Start of INFORMATION PROVIDED

(* In the Riemann problem setting of the context, assume the initial data generate a left rarefaction and a right rarefaction, i.e. $p_*\le p_L$ and $p_*\le p_R$. Then for all $K,M\in\{L,R\}$: $$|u_*-u_K|\le[\![u]\!],\qquad 0\le p_K-p_*\le\rho_Ka_K[\![u]\!],\qquad|\rho_{*K}-\rho_M|\le\rho_Ka_K^{-1}[\![u]\!]+|[\![\rho]\!]|.$$
   Context: Let $\gamma\in(1,2]$. Consider the one-dimensional Riemann problem for the complete Euler equations with left and right primitive states $V_K=(\rho_K,u_K,p_K)$, $\rho_K,p_K>0$, $K=L,R$ (transverse velocity components play no role), sound speeds $a_K=\sqrt{\gamma p_K/\rho_K}$, and jumps $[\![\rho]\!]=\rho_R-\rho_L$, $[\![u]\!]=u_R-u_L$, $[\![p]\!]=p_R-p_L$. For $K=L,R$ define $f_K(p)=(p-p_K)\big(\frac{A_K}{p+B_K}\big)^{1/2}$ if $p>p_K$ and $f_K(p)=\frac{2a_K}{\gamma-1}\big[(p/p_K)^{\frac{\gamma-1}{2\gamma}}-1\big]$ if $p\le p_K$, with $A_K=\frac2{(\gamma+1)\rho_K}$, $B_K=\frac{\gamma-1}{\gamma+1}p_K$. The star pressure $p_*$ solves $f_L(p_* )+f_R(p_* )+u_R-u_L=0$ and the star velocity is $u_*=u_L-f_L(p_* )=u_R+f_R(p_* )$. The $K$-wave is a rarefaction if $p_*\le p_K$ and a shock if $p_*>p_K$. The density on the $K$-side of the contact discontinuity is $\rho_{*K}=\rho_K(p_*/p_K)^{1/\gamma}$ if the $K$-wave is a rarefaction, and $\rho_{*K}=\rho_K\frac{p_*/p_K+\frac{\gamma-1}{\gamma+1}}{\frac{\gamma-1}{\gamma+1}p_*/p_K+1}$ if it is a shock. *)

From Stdlib Require Import Reals.
Open Scope R_scope.

(* Primitive state (rho, u, p); transverse velocities play no role. *)
Record prim := mkPrim { rho : R; vel : R; pres : R }.

Inductive side := Lside | Rside.

Definition stateOf (VL VR : prim) (K : side) : prim :=
  match K with Lside => VL | Rside => VR end.

Definition sound (gamma : R) (V : prim) : R := sqrt (gamma * pres V / rho V).

Definition A_coef (gamma : R) (V : prim) : R := 2 / ((gamma + 1) * rho V).
Definition B_coef (gamma : R) (V : prim) : R := (gamma - 1) / (gamma + 1) * pres V.

Definition fK (gamma : R) (V : prim) (p : R) : R :=
  if Rlt_dec (pres V) p then
    (p - pres V) * sqrt (A_coef gamma V / (p + B_coef gamma V))
  else
    2 * sound gamma V / (gamma - 1) *
      (Rpower (p / pres V) ((gamma - 1) / (2 * gamma)) - 1).

Definition rho_star (gamma : R) (V : prim) (pstar : R) : R :=
  if Rle_dec pstar (pres V) then
    rho V * Rpower (pstar / pres V) (1 / gamma)
  else
    rho V * (pstar / pres V + (gamma - 1) / (gamma + 1)) /
      ((gamma - 1) / (gamma + 1) * (pstar / pres V) + 1).

(* Both waves are isentropic rarefactions, so with s = (p_* / p_K)^((gamma-1)/(2 gamma))
   the sound-speed ratio a_{*K}/a_K in (0, 1] we have
   -f_K(p_* ) = 2 a_K (1 - s)/(gamma - 1),  p_* / p_K = s^(2 gamma/(gamma-1)),
   rho_{*K}/rho_K = s^(2/(gamma-1)).
   Both exponents are at least 1, so Bernoulli's inequality s^r >= 1 + r (s - 1)
   turns the pressure and density drops across the K-wave into multiples of -f_K(p_* ),
   while the star-state equation gives [[u]] = -f_L(p_* ) - f_R(p_* ), a sum of two
   nonnegative terms. *)
From Stdlib Require Import Reals Lra.
Open Scope R_scope.

Lemma Rpower_1_l (r : R) : Rpower 1 r = 1.
Proof. unfold Rpower; rewrite ln_1, Rmult_0_r; apply exp_0. Qed.

Lemma Rpower_le_1 (x r : R) : 0 < x <= 1 -> 0 <= r -> Rpower x r <= 1.
Proof.
  intros Hx Hr; rewrite <- (Rpower_1_l r).
  now apply Rle_Rpower_l.
Qed.

Lemma Rpower_pos (x r : R) : 0 < Rpower x r.
Proof. apply exp_pos. Qed.

Lemma Rpower_bernoulli (y r : R) : 0 < y <= 1 -> 1 <= r -> 1 + r * (y - 1) <= Rpower y r.
Proof.
  intros [Hy0 [Hy1 | ->]] Hr; [| rewrite Rpower_1_l; lra].
  (* mean value theorem for t |-> t^r - r t on [y, 1], whose derivative is <= 0 there *)
  destruct (MVT_cor2 (fun t => Rpower t r - r * t)
              (fun t => r * Rpower t (r - 1) - r * 1) y 1 Hy1)
    as [c [Hmvt Hc]].
  - intros c Hc.
    apply derivable_pt_lim_minus.
    + apply derivable_pt_lim_power; lra.
    + apply derivable_pt_lim_scal, derivable_pt_lim_id.
  - rewrite Rpower_1_l in Hmvt.
    assert (Hcr : Rpower c (r - 1) <= 1) by (apply Rpower_le_1; lra).
    assert (Hder : r * Rpower c (r - 1) - r * 1 <= 0) by nra.
    nra.
Qed.

Definition sound_ratio (gamma : R) (V : prim) (p : R) : R :=
  Rpower (p / pres V) ((gamma - 1) / (2 * gamma)).

Section Rarefaction.

Variables (gamma : R) (V : prim).
Hypotheses (Hgamma : 1 < gamma) (Hrho : 0 < rho V) (Hpres : 0 < pres V).

Lemma sound_pos : 0 < sound gamma V.
Proof. apply sqrt_lt_R0, Rdiv_lt_0_compat; nra. Qed.

Lemma sound_sqr : sound gamma V * sound gamma V = gamma * pres V / rho V.
Proof. apply sqrt_sqrt, Rlt_le, Rdiv_lt_0_compat; nra. Qed.

Variable p : R.
Hypotheses (Hp : 0 < p) (Hrare : p <= pres V).

Lemma pressure_ratio_bounds : 0 < p / pres V <= 1.
Proof.
  split; [now apply Rdiv_lt_0_compat|].
  apply Rmult_le_reg_r with (pres V); [exact Hpres|].
  field_simplify; lra.
Qed.

Lemma sound_ratio_bounds : 0 < sound_ratio gamma V p <= 1.
Proof.
  split; [apply Rpower_pos|].
  apply Rpower_le_1; [exact pressure_ratio_bounds|].
  apply Rlt_le, Rdiv_lt_0_compat; lra.
Qed.

Lemma pressure_ratio_sound_ratio :
  p / pres V = Rpower (sound_ratio gamma V p) (2 * gamma / (gamma - 1)).
Proof.
  unfold sound_ratio; rewrite Rpower_mult.
  replace ((gamma - 1) / (2 * gamma) * (2 * gamma / (gamma - 1))) with 1
    by (field; lra).
  symmetry; apply Rpower_1, pressure_ratio_bounds.
Qed.

Lemma density_ratio_sound_ratio :
  Rpower (p / pres V) (1 / gamma) = Rpower (sound_ratio gamma V p) (2 / (gamma - 1)).
Proof.
  unfold sound_ratio; rewrite Rpower_mult.
  f_equal; field; lra.
Qed.

Lemma fK_rarefaction :
  fK gamma V p = 2 * sound gamma V / (gamma - 1) * (sound_ratio gamma V p - 1).
Proof. unfold fK; destruct (Rlt_dec (pres V) p); [lra | reflexivity]. Qed.

Lemma rho_star_rarefaction :
  rho_star gamma V p = rho V * Rpower (p / pres V) (1 / gamma).
Proof. unfold rho_star; destruct (Rle_dec p (pres V)); [reflexivity | lra]. Qed.

Lemma rarefaction_fK_nonpos : fK gamma V p <= 0.
Proof.
  rewrite fK_rarefaction.
  pose proof sound_pos; pose proof sound_ratio_bounds.
  assert (0 < 2 * sound gamma V / (gamma - 1)) by (apply Rdiv_lt_0_compat; lra).
  nra.
Qed.

Lemma rarefaction_pressure_drop :
  pres V - p <= rho V * sound gamma V * - fK gamma V p.
Proof.
  pose proof sound_ratio_bounds as Hs.
  set (s := sound_ratio gamma V p) in *.
  set (r := 2 * gamma / (gamma - 1)).
  assert (Hbern : 1 + r * (s - 1) <= p / pres V).
  { rewrite pressure_ratio_sound_ratio.
    apply Rpower_bernoulli; [exact Hs|].
    unfold r; apply Rmult_le_reg_r with (gamma - 1); [lra|].
    field_simplify; lra. }
  assert (Hdrop : rho V * sound gamma V * - fK gamma V p = pres V * (r * (1 - s))).
  { rewrite fK_rarefaction; fold s.
    replace (rho V * sound gamma V * - (2 * sound gamma V / (gamma - 1) * (s - 1)))
      with (rho V * (sound gamma V * sound gamma V) * (2 / (gamma - 1) * (1 - s)))
      by (field; lra).
    rewrite sound_sqr; unfold r; field; lra. }
  rewrite Hdrop.
  replace (pres V - p) with (pres V * (1 - p / pres V)) by (field; lra).
  apply Rmult_le_compat_l; lra.
Qed.

Lemma rarefaction_density_drop : gamma <= 3 ->
  0 <= rho V - rho_star gamma V p <= rho V / sound gamma V * - fK gamma V p.
Proof.
  intros Hgamma3.
  pose proof sound_pos; pose proof sound_ratio_bounds as Hs.
  set (s := sound_ratio gamma V p) in *.
  set (n := 2 / (gamma - 1)).
  assert (Hbern : 1 + n * (s - 1) <= Rpower s n).
  { apply Rpower_bernoulli; [exact Hs|].
    unfold n; apply Rmult_le_reg_r with (gamma - 1); [lra|].
    field_simplify; lra. }
  assert (Hle1 : Rpower (p / pres V) (1 / gamma) <= 1).
  { apply Rpower_le_1; [exact pressure_ratio_bounds|].
    apply Rlt_le, Rdiv_lt_0_compat; lra. }
  rewrite rho_star_rarefaction, fK_rarefaction; fold s.
  replace (rho V / sound gamma V * - (2 * sound gamma V / (gamma - 1) * (s - 1)))
    with (rho V * (n * (1 - s))) by (unfold n; field; lra).
  rewrite density_ratio_sound_ratio in Hle1 |- *; fold s n in Hle1 |- *.
  split; nra.
Qed.

End Rarefaction.

Section StarState.

Variables (gamma : R) (VL VR : prim) (pstar : R).
Hypotheses (Hstar : fK gamma VL pstar + fK gamma VR pstar + (vel VR - vel VL) = 0)
  (HfL : fK gamma VL pstar <= 0) (HfR : fK gamma VR pstar <= 0).

Lemma star_velocity_gap (K : side) :
  Rabs (vel VL - fK gamma VL pstar - vel (stateOf VL VR K))
    = - fK gamma (stateOf VL VR K) pstar.
Proof.
  destruct K; simpl.
  - rewrite Rabs_right; lra.
  - rewrite Rabs_left1; lra.
Qed.

Lemma wave_strength_le_velocity_jump (K : side) :
  - fK gamma (stateOf VL VR K) pstar <= vel VR - vel VL.
Proof. destruct K; simpl; lra. Qed.

End StarState.

Lemma Rabs_rho_stateOf_sub (VL VR : prim) (K M : side) :
  Rabs (rho (stateOf VL VR K) - rho (stateOf VL VR M)) <= Rabs (rho VR - rho VL).
Proof.
  destruct K, M; simpl; rewrite ?Rminus_diag, ?Rabs_R0.
  - apply Rabs_pos.
  - rewrite Rabs_minus_sym; lra.
  - lra.
  - apply Rabs_pos.
Qed.

Theorem lemma3p4 (gamma : R) (VL VR : prim) (pstar : R) :
  1 < gamma -> gamma <= 2 ->
  0 < rho VL -> 0 < pres VL -> 0 < rho VR -> 0 < pres VR ->
  0 < pstar ->
  fK gamma VL pstar + fK gamma VR pstar + (vel VR - vel VL) = 0 ->
  pstar <= pres VL -> pstar <= pres VR ->
  let ustar := vel VL - fK gamma VL pstar in
  let du := vel VR - vel VL in
  let drho := rho VR - rho VL in
  forall K M : side,
    let VK := stateOf VL VR K in
    let VM := stateOf VL VR M in
    Rabs (ustar - vel VK) <= du /\
    0 <= pres VK - pstar /\
    pres VK - pstar <= rho VK * sound gamma VK * du /\
    Rabs (rho_star gamma VK pstar - rho VM)
      <= rho VK / sound gamma VK * du + Rabs drho.
Proof.
  intros Hg1 Hg2 HrL HpL HrR HpR Hps Hstar HL HR ustar du drho K M VK VM.
  pose proof (rarefaction_fK_nonpos gamma VL Hg1 HrL HpL pstar Hps HL) as HfL.
  pose proof (rarefaction_fK_nonpos gamma VR Hg1 HrR HpR pstar Hps HR) as HfR.
  assert (HVK : 0 < rho VK /\ 0 < pres VK /\ pstar <= pres VK)
    by (subst VK; destruct K; simpl; lra).
  destruct HVK as [HrK [HpK HK]].
  pose proof (wave_strength_le_velocity_jump gamma VL VR pstar Hstar HfL HfR K) as Hfdu.
  pose proof (sound_pos gamma VK Hg1 HrK HpK).
  pose proof (rarefaction_pressure_drop gamma VK Hg1 HrK HpK pstar Hps HK) as Hpdrop.
  destruct (rarefaction_density_drop gamma VK Hg1 HrK HpK pstar Hps HK ltac:(lra))
    as [Hrho_star Hrdrop].
  assert (Hcoef_p : 0 <= rho VK * sound gamma VK) by (apply Rmult_le_pos; lra).
  assert (Hcoef_r : 0 <= rho VK / sound gamma VK)
    by (apply Rlt_le, Rdiv_lt_0_compat; lra).
  repeat split; [| lra | |].
  - unfold ustar, VK; rewrite (star_velocity_gap gamma VL VR pstar Hstar HfL HfR K).
    exact Hfdu.
  - eapply Rle_trans; [exact Hpdrop | exact (Rmult_le_compat_l _ _ _ Hcoef_p Hfdu)].
  - replace (rho_star gamma VK pstar - rho VM)
      with ((rho_star gamma VK pstar - rho VK) + (rho VK - rho VM)) by ring.
    eapply Rle_trans; [apply Rabs_triang | apply Rplus_le_compat].
    + rewrite Rabs_minus_sym, Rabs_right by lra.
      eapply Rle_trans; [exact Hrdrop | exact (Rmult_le_compat_l _ _ _ Hcoef_r Hfdu)].
    + apply Rabs_rho_stateOf_sub.
Qed.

End of INFORMATION PROVIDED

■ WHAT THIS TASK INVOLVES
In the entries above, restate word for word the lines between the one holding "Proof. unfold fK;" and the one holding "pose proof sound_pos; pose proof sound_ratio_bounds.", inclusive, and nothing besides.

■ TASK RESULT
Proof. unfold fK; destruct (Rlt_dec (pres V) p); [lra | reflexivity]. Qed.

Lemma rho_star_rarefaction :
  rho_star gamma V p = rho V * Rpower (p / pres V) (1 / gamma).
Proof. unfold rho_star; destruct (Rle_dec p (pres V)); [reflexivity | lra]. Qed.

Lemma rarefaction_fK_nonpos : fK gamma V p <= 0.
Proof.
  rewrite fK_rarefaction.
  pose proof sound_pos; pose proof sound_ratio_bounds.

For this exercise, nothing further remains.